-- SUPPLIED RECORDS follows --

Lemma reduce_reduced w : reduced (reduce w).
Proof. by rewrite /reduce reduced_rev; apply: foldl_red_step_reduced. Qed.

Lemma foldl_red_step_id st w :
  reduced (rev w ++ st) -> foldl (@red_step V) st w = rev w ++ st.
Proof.
elim: w st => //= x w IH st; rewrite rev_cons cat_rcons => red_wst.
suff -> : red_step st x = x :: st by rewrite IH.
case: st red_wst => //= y st; rewrite reduced_cat_cons /reduced /= => /andP[_ /andP[]].
by move=> /negbTE ->.
Qed.

Lemma reduce_id w : reduced w -> reduce w = w.
Proof. by move=> red_w; rewrite /reduce foldl_red_step_id ?cats0 ?revK ?reduced_rev. Qed.

Lemma red_step_cancel st x :
  reduced st -> red_step (red_step st x) (linv x) = st.
Proof.
case: st => [|y st] /=; first by rewrite linvK eqxx.
case: ifP => [/eqP -> | _ _]; last by rewrite /= linvK eqxx.
by case: st => [|z st] //= /andP[]; rewrite /nocancel linvK => /negbTE ->.
Qed.

Lemma foldl_red_step_reduce st w :
  reduced st -> foldl (@red_step V) st (reduce w) = foldl (@red_step V) st w.
Proof.
move=> red_st; elim/last_ind: w => [|w x IH] //.
rewrite /reduce !foldl_rcons -IH /reduce.
have : reduced (foldl (@red_step V) [::] w) by apply: foldl_red_step_reduced.
case: (foldl _ [::] w) => [|y r] //= red_yr; case: ifP => [/eqP ->|_].
  have red_F : reduced (foldl (@red_step V) st (rev r)).
    exact: foldl_red_step_reduced.
  by rewrite rev_cons foldl_rcons -{2}[x]linvK red_step_cancel.
by rewrite [rev (x :: _)]rev_cons foldl_rcons.
Qed.

Lemma reduce_cat3 u v t : reduce (u ++ reduce v ++ t) = reduce (u ++ v ++ t).
Proof.
rewrite /reduce !foldl_cat foldl_red_step_reduce //.
exact: foldl_red_step_reduced.
Qed.

Lemma reduce_catl u t : reduce (reduce u ++ t) = reduce (u ++ t).
Proof. exact: (reduce_cat3 [::]). Qed.

Lemma reduce_catr u v : reduce (u ++ reduce v) = reduce (u ++ v).
Proof. by rewrite -[reduce v]cats0 reduce_cat3 cats0. Qed.

Lemma reduce_cat0 u a t : fzero a -> reduce (u ++ a ++ t) = reduce (u ++ t).
Proof. by move/eqP=> a0; rewrite -reduce_cat3 a0. Qed.

Lemma fzero_pair x : fzero [:: x; linv x].
Proof. by rewrite /fzero /reduce /= linvK eqxx. Qed.

Lemma reduce_pair u v x : reduce (u ++ x :: linv x :: v) = reduce (u ++ v).
Proof. exact: (reduce_cat0 u v (fzero_pair x)). Qed.

Lemma size_foldl_red_step st w :
  size (foldl (@red_step V) st w) <= size st + size w.
Proof.
elim: w st => [|x w IH] st /=; first by rewrite addn0.
apply: leq_trans (IH _) _; rewrite addnS -addSn leq_add2r.
by case: st => [|y st] //=; case: ifP => // _; apply: leqW.
Qed.

Lemma size_reduce w : size (reduce w) <= size w.
Proof. by rewrite /reduce size_rev; apply: size_foldl_red_step. Qed.

Lemma size_reduce_lt w : ~~ reduced w -> size (reduce w) < size w.
Proof.
elim: w => [|x w IH] //; case: w IH => [|y w] IH //.
rewrite /reduced /= negb_and; case/orP=> [/negPn/eqP ->|/IH lt_w].
  rewrite -[_ :: _]cat0s reduce_pair /=.
  by apply: leq_trans (size_reduce w) _; apply: leqW.
rewrite -cat1s -reduce_catr.
by apply: leq_ltn_trans (size_reduce _) _; rewrite /= ltnS.
Qed.
(* Consider an instance of \textbf{LTSP} in which there is $k\in\mathbb N$ such that $s(f)=k$ and $n(f)=1$ for every file $f\in\mathcal F$. Then $\mathcal B_1=\emptyset$ is optimal, i.e., $v(\emptyset)\le v(\mathcal B_1)$ for every set $\mathcal B_1$ of mini-batches.
   Context: A single-track tape stores a sequence of files $\mathcal F=(f_1,\dots,f_n)$ laid out contiguously from left to right: file $f$ occupies blocks $l(f),\dots,r(f)$, has size $s(f)=r(f)-l(f)+1$, $l(f_1)=1$, $l(f_{i+1})=r(f_i)+1$, and $m=\sum_f s(f)$. The tape moves one block per time step; at time $0$ the head is at position $m$. A file is read when the head traverses it rightwards from $l(f)$ to $r(f)$. $\mathcal R$ is a finite set of requests, all released at time $0$, each associated with a file $f(r)$; $\mathcal R(f)$ is the set of requests for $f$ and $n(f)=|\mathcal R(f)|$. A request's response time is the time at which the head starts a rightward reading traversal of its file (all pending requests of a file are serviced simultaneously). \textbf{LTSP} asks to minimize the sum of response times. A mini-batch is a pair $b=(f,f')$ of files with $l(f)\le l(f')$; $l(b)=l(f)$, $r(b)=r(f')$, $s(b)=r(b)-l(b)+1$, and $\mathcal F(b)$ is the set of files $g$ with $l(b)\le l(g)$ and $r(g)\le r(b)$; it is atomic if $|\mathcal F(b)|=1$. Given a set $\mathcal B_1$ of mini-batches, the associated schedule is: Phase 1, the head moves leftwards from $m$ to position $1$, and whenever it reaches $l(b)$ for some $b\in\mathcal B_1$ it executes $b$ (moves rightwards from $l(b)$ to $r(b)$, reading every file of $\mathcal F(b)$, then returns to $l(b)$) before continuing leftwards, mini-batches thus being executed in decreasing order of their left endpoints; Phase 2, the head moves rightwards from position $1$ to $m$, reading every file. $v(\mathcal B_1)$ denotes the total response time of this schedule. *)

From mathcomp Require Import all_boot.
Set Implicit Arguments. Unset Strict Implicit. Unset Printing Implicit Defensive.

(* An LTSP instance: files f_0 .. f_{n-1} (0-indexed), sizes s : nat -> nat,
   request counts nr : nat -> nat (nr i = n(f_i)). *)

Definition lpos (s : nat -> nat) (i : nat) : nat := 1 + \sum_(j < i) s j.
Definition rpos (s : nat -> nat) (i : nat) : nat := lpos s i + s i - 1.
(* m = total number of blocks *)
Definition tape_len (n : nat) (s : nat -> nat) : nat := \sum_(j < n) s j.

(* A mini-batch is a pair (i, j) of file indices with l(f_i) <= l(f_j). *)
Definition minibatch := (nat * nat)%type.
Definition lb (s : nat -> nat) (b : minibatch) : nat := lpos s b.1.
Definition rb (s : nat -> nat) (b : minibatch) : nat := rpos s b.2.
Definition sb (s : nat -> nat) (b : minibatch) : nat := rb s b - lb s b + 1.
Definition in_batch (s : nat -> nat) (b : minibatch) (g : nat) : bool :=
  (lb s b <= lpos s g) && (rpos s g <= rb s b).

(* A set B1 of mini-batches, listed in an execution order of the schedule:
   duplicate-free, every pair is a mini-batch of the instance, and executed in
   non-increasing order of left endpoints (ties in any order). *)
Definition valid_batches (n : nat) (s : nat -> nat) (bs : seq minibatch) : bool :=
  [&& uniq bs,
      all (fun b : minibatch => [&& b.1 < n, b.2 < n & lpos s b.1 <= lpos s b.2]) bs
    & sorted (fun b c : minibatch => lb s c <= lb s b) bs].

(* Time at which execution of the t-th batch of bs starts: the head travels
   leftwards from m to l(b_t) (m - l(b_t) steps) plus the duration of all
   previously executed batches; executing b (traversing its s(b) blocks
   rightwards and coming back) takes 2 s(b) steps. *)
Definition batch_start (n : nat) (s : nat -> nat) (bs : seq minibatch) (t : nat) : nat :=
  (tape_len n s - lb s (nth (0, 0) bs t))
  + \sum_(u < t) 2 * sb s (nth (0, 0) bs u).

(* Time at which Phase 2 starts (head at position 1). *)
Definition phase2_start (n : nat) (s : nat -> nat) (bs : seq minibatch) : nat :=
  (tape_len n s - 1) + \sum_(b <- bs) 2 * sb s b.

(* Response time of (the requests of) file g: first rightward reading traversal. *)
Definition response (n : nat) (s : nat -> nat) (bs : seq minibatch) (g : nat) : nat :=
  let t := find (fun b => in_batch s b g) bs in
  if t < size bs then batch_start n s bs t + (lpos s g - lb s (nth (0, 0) bs t))
  else phase2_start n s bs + (lpos s g - 1).

Definition v (n : nat) (s nr : nat -> nat) (bs : seq minibatch) : nat :=
  \sum_(g < n) nr g * response n s bs g.

From mathcomp Require Import all_boot.
From mathcomp Require Import zify.

Set Implicit Arguments.
Unset Strict Implicit.

(* Compare the schedule of B1 with the empty schedule file by file.  A file f
   read by a batch b is reached at time (m - l(b)) + D(f) + (l(f) - l(b)),
   where D(f) is the total duration of the batches executed before, whereas
   without batches it is reached at (m - 1) + (l(f) - 1); a file left to
   Phase 2 simply waits D(f) longer.  Hence
     resp_B1(f) + 2 (l(b) - 1) = resp_0(f) + D(f),
   and it suffices to show that the gains 2 (l(b) - 1) add up to at most the
   delays D(f).  Group both sums by batch.  If b starts at the i-th file, it
   reads at most s(b) / k files, each gaining 2 i k, so b contributes at most
   2 i s(b) to the gains; it also delays every file read after it by 2 s(b),
   and since batches run in decreasing order of left endpoints, the i files
   left of b are all read after it. *)

(* The index of the batch reading g, or [size bs] if g is read in Phase 2. *)
Definition serving_batch (s : nat -> nat) (bs : seq minibatch) (g : nat) : nat :=
  find (fun b => in_batch s b g) bs.

Definition batch_gain (s : nat -> nat) (bs : seq minibatch) (g : nat) : nat :=
  let t := serving_batch s bs g in
  if t < size bs then lb s (nth (0, 0) bs t) - 1 else 0.

Definition batch_delay (s : nat -> nat) (bs : seq minibatch) (g : nat) : nat :=
  \sum_(u < size bs | u < serving_batch s bs g) 2 * sb s (nth (0, 0) bs u).

Lemma lpos_le_tape_len n s i : i < n -> 0 < s i -> lpos s i <= tape_len n s.
Proof.
move=> lt_in s_gt0; rewrite /lpos /tape_len -(subnKC lt_in) big_split_ord /=.
by rewrite big_ord_recr /=; lia.
Qed.

Lemma card_ord_ltn n i : i <= n -> #|[set g : 'I_n | g < i]| = i.
Proof.
move=> le_in; rewrite -sum1dep_card -(big_ord_widen _ (fun=> 1) le_in).
by rewrite sum_nat_const card_ord muln1.
Qed.

Lemma card_ord_interval n i j : j < n -> #|[set g : 'I_n | i <= g <= j]| = j.+1 - i.
Proof.
move=> lt_jn; have := cardsID [set g : 'I_n | g < i] [set g : 'I_n | g < j.+1].
have -> : [set g : 'I_n | g < j.+1] :&: [set g : 'I_n | g < i] =
    [set g : 'I_n | g < minn i j.+1].
  by apply/setP => g; rewrite !inE leq_min andbC.
have -> : [set g : 'I_n | g < j.+1] :\: [set g : 'I_n | g < i] =
    [set g : 'I_n | i <= g <= j].
  by apply/setP => g; rewrite !inE -leqNgt ltnS.
have le_min : minn i j.+1 <= n by lia.
by rewrite !card_ord_ltn //; lia.
Qed.

Section Accounting.
Variables (n : nat) (s : nat -> nat) (bs : seq minibatch).
Local Notation B u := (nth (0, 0) bs u).
Local Notation T := (serving_batch s bs).

Lemma serving_batch_in g : T g < size bs -> in_batch s (B (T g)) g.
Proof. by rewrite -has_find; apply: nth_find. Qed.

Lemma sum_batch_gain :
  \sum_(g < n) batch_gain s bs g =
  \sum_(u < size bs) (lb s (B u) - 1) * #|[set g : 'I_n | T g == u]|.
Proof.
have gainE g : batch_gain s bs g = \sum_(u < size bs | T g == u) (lb s (B u) - 1).
  rewrite /batch_gain; case: ltnP => [lt_T | le_T].
    by rewrite (big_pred1 (Ordinal lt_T)) // => u; rewrite eq_sym -val_eqE.
  by rewrite big_pred0 // => u; rewrite gtn_eqF // (leq_trans (ltn_ord u) le_T).
rewrite (eq_bigr _ (fun (g : 'I_n) _ => gainE g)).
rewrite (exchange_big_dep xpredT) //=; apply: eq_bigr => u _.
by rewrite sum_nat_cond_const mulnC.
Qed.

Lemma sum_batch_delay :
  \sum_(g < n) batch_delay s bs g =
  \sum_(u < size bs) #|[set g : 'I_n | u < T g]| * (2 * sb s (B u)).
Proof.
rewrite (exchange_big_dep xpredT) //=; apply: eq_bigr => u _.
exact: sum_nat_cond_const.
Qed.
End Accounting.

Section ValidBatches.
Variables (n : nat) (s : nat -> nat) (bs : seq minibatch).
Hypothesis bs_valid : valid_batches n s bs.
Local Notation B u := (nth (0, 0) bs u).
Local Notation T := (serving_batch s bs).

Lemma valid_batches_nth u : u < size bs ->
  [/\ (B u).1 < n, (B u).2 < n & lpos s (B u).1 <= lpos s (B u).2].
Proof.
move=> lt_u; case/and3P: bs_valid => _ /allP/(_ _ (mem_nth (0, 0) lt_u)).
by case/and3P.
Qed.

Lemma served_later u g : u < size bs -> lpos s g < lb s (B u) -> u < T g.
Proof.
move=> lt_u lt_g; rewrite ltnNge; apply/negP => le_Tu.
have lt_T : T g < size bs := leq_ltn_trans le_Tu lt_u.
have /andP[le_g _] := serving_batch_in lt_T.
have le_lb : lb s (B u) <= lb s (B (T g)).
  have lb_tr : transitive (fun b c : minibatch => lb s c <= lb s b).
    by move=> b a c le_ba le_cb; apply: leq_trans le_cb le_ba.
  case/and3P: bs_valid => _ _ /(sorted_leq_nth lb_tr (fun b => leqnn _) (0, 0)).
  by apply.
by move: le_g; rewrite leqNgt (leq_trans lt_g le_lb).
Qed.

Hypothesis s_gt0 : forall i, i < n -> 0 < s i.

Lemma response_accounting g :
  response n s bs g + 2 * batch_gain s bs g =
  response n s [::] g + batch_delay s bs g.
Proof.
rewrite /response /batch_gain -/(T g) /= /phase2_start big_nil addn0.
case: ltnP => [lt_T | le_T].
  have delayE : batch_delay s bs g = \sum_(u < T g) 2 * sb s (B u).
    by rewrite /batch_delay (big_ord_widen _ (fun u => 2 * sb s (B u)) (ltnW lt_T)).
  have /andP[le_g _] := serving_batch_in lt_T.
  have [lt_1n _ _] := valid_batches_nth lt_T.
  have le_tape := lpos_le_tape_len lt_1n (s_gt0 lt_1n).
  have lpos_gt0 : 0 < lpos s (B (T g)).1 by [].
  by move: le_g; rewrite delayE /batch_start /lb; lia.
have delayE : batch_delay s bs g = \sum_(b <- bs) 2 * sb s b.
  rewrite /batch_delay.
  have -> : T g = size bs by apply/eqP; rewrite eqn_leq le_T find_size.
  by rewrite (big_nth (0, 0)) big_mkord; apply: eq_bigl => u; rewrite ltn_ord.
by rewrite delayE; lia.
Qed.

Lemma v_accounting nr :
  v n s nr bs + 2 * \sum_(g < n) nr g * batch_gain s bs g =
  v n s nr [::] + \sum_(g < n) nr g * batch_delay s bs g.
Proof.
rewrite /v big_distrr -!big_split; apply: eq_bigr => g _ /=.
by rewrite -mulnDr -response_accounting mulnDr mulnCA.
Qed.
End ValidBatches.

Section UniformSizes.
Variables (n k : nat) (s : nat -> nat).
Hypotheses (k_gt0 : 0 < k) (s_const : forall i, i < n -> s i = k).

Lemma lpos_const i : i <= n -> lpos s i = (i * k).+1.
Proof.
move=> le_in; rewrite /lpos add1n (eq_bigr (fun=> k)) => [|j _].
  by rewrite sum_nat_const card_ord.
by apply: s_const; apply: leq_trans le_in.
Qed.

Lemma rpos_const i : i < n -> rpos s i = i.+1 * k.
Proof. by move=> lt_in; rewrite /rpos (lpos_const (ltnW lt_in)) s_const //; lia. Qed.

Lemma leq_lpos_const i j : i <= n -> j <= n -> (lpos s i <= lpos s j) = (i <= j).
Proof. by move=> le_in le_jn; rewrite !lpos_const // ltnS leq_pmul2r. Qed.

Lemma ltn_lpos_const i j : i <= n -> j <= n -> (lpos s i < lpos s j) = (i < j).
Proof. by move=> le_in le_jn; rewrite ltnNge leq_lpos_const // -ltnNge. Qed.

Lemma in_batch_const (b : minibatch) g : b.1 < n -> b.2 < n -> g < n ->
  in_batch s b g = (b.1 <= g <= b.2).
Proof.
move=> lt_1n lt_2n lt_gn; rewrite /in_batch /lb /rb !rpos_const // leq_pmul2r //.
by rewrite (leq_lpos_const (ltnW lt_1n) (ltnW lt_gn)).
Qed.

Lemma sb_const (b : minibatch) : b.1 <= b.2 < n -> sb s b = (b.2.+1 - b.1) * k.
Proof.
case/andP=> le_12 lt_2n; have le_1n := leq_trans le_12 (ltnW lt_2n).
rewrite /sb /rb /lb rpos_const // lpos_const // mulnBl.
have : b.1 * k + k <= b.2.+1 * k by rewrite -mulSnr leq_pmul2r.
lia.
Qed.

Variable bs : seq minibatch.
Hypothesis bs_valid : valid_batches n s bs.
Local Notation B u := (nth (0, 0) bs u).
Local Notation T := (serving_batch s bs).

Lemma valid_batches_const u : u < size bs -> (B u).1 <= (B u).2 < n.
Proof.
move=> lt_u; have [lt_1n lt_2n] := valid_batches_nth bs_valid lt_u.
by rewrite (leq_lpos_const (ltnW lt_1n) (ltnW lt_2n)) => ->.
Qed.

Lemma batch_gain_le_delay u : u < size bs ->
  (lb s (B u) - 1) * #|[set g : 'I_n | T g == u]| <=
  #|[set g : 'I_n | u < T g]| * sb s (B u).
Proof.
move=> lt_u; have /andP[le_12 lt_2n] := valid_batches_const lt_u.
have lt_1n := leq_ltn_trans le_12 lt_2n.
have served_le : #|[set g : 'I_n | T g == u]| <= (B u).2.+1 - (B u).1.
  rewrite -(card_ord_interval _ lt_2n); apply/subset_leq_card/subsetP => g.
  rewrite !inE => /eqP T_g; have lt_T : T g < size bs by rewrite T_g.
  by have := serving_batch_in lt_T; rewrite T_g in_batch_const.
have later_ge : (B u).1 <= #|[set g : 'I_n | u < T g]|.
  rewrite -{1}(card_ord_ltn (ltnW lt_1n)); apply/subset_leq_card/subsetP => g.
  rewrite !inE => lt_g; apply: (served_later (g := g) bs_valid lt_u).
  by rewrite /lb (ltn_lpos_const (ltnW (ltn_ord g)) (ltnW lt_1n)).
rewrite /lb (lpos_const (ltnW lt_1n)) sb_const ?le_12 // subn1 /=.
apply: (@leq_trans ((B u).1 * ((B u).2.+1 - (B u).1) * k)).
  by rewrite mulnAC leq_mul2r leq_mul2l served_le !orbT.
by rewrite -mulnA leq_mul2r later_ge orbT.
Qed.

Lemma sum_batch_gain_le_delay :
  2 * \sum_(g < n) batch_gain s bs g <= \sum_(g < n) batch_delay s bs g.
Proof.
rewrite sum_batch_gain sum_batch_delay big_distrr leq_sum //= => u _.
by rewrite [leqRHS]mulnCA leq_pmul2l // batch_gain_le_delay.
Qed.
End UniformSizes.

Theorem theorem1 (n k : nat) (s nr : nat -> nat) :
  0 < k ->
  (forall i, i < n -> s i = k) ->
  (forall i, i < n -> nr i = 1) ->
  forall bs : seq minibatch, valid_batches n s bs ->
  v n s nr [::] <= v n s nr bs.
Proof.
move=> k_gt0 s_const nr_1 bs bs_valid.
have s_gt0 i : i < n -> 0 < s i by move/s_const->.
have nr_sum f : \sum_(g < n) nr g * f g = \sum_(g < n) f g.
  by apply: eq_bigr => g _; rewrite nr_1 ?mul1n.
have := v_accounting bs_valid s_gt0 nr; rewrite !nr_sum.
have := sum_batch_gain_le_delay k_gt0 s_const bs_valid.
lia.
Qed.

-- SUPPLIED RECORDS concluded --

**PROBLEM TO SOLVE:**
Please, from the entries above, set down exactly the lines from the one containing "Phase 2 simply" through the one containing "i-th file, it", and only those.

**WRITTEN ANSWER:**
   Phase 2 simply waits D(f) longer.  Hence
     resp_B1(f) + 2 (l(b) - 1) = resp_0(f) + D(f),
   and it suffices to show that the gains 2 (l(b) - 1) add up to at most the
   delays D(f).  Group both sums by batch.  If b starts at the i-th file, it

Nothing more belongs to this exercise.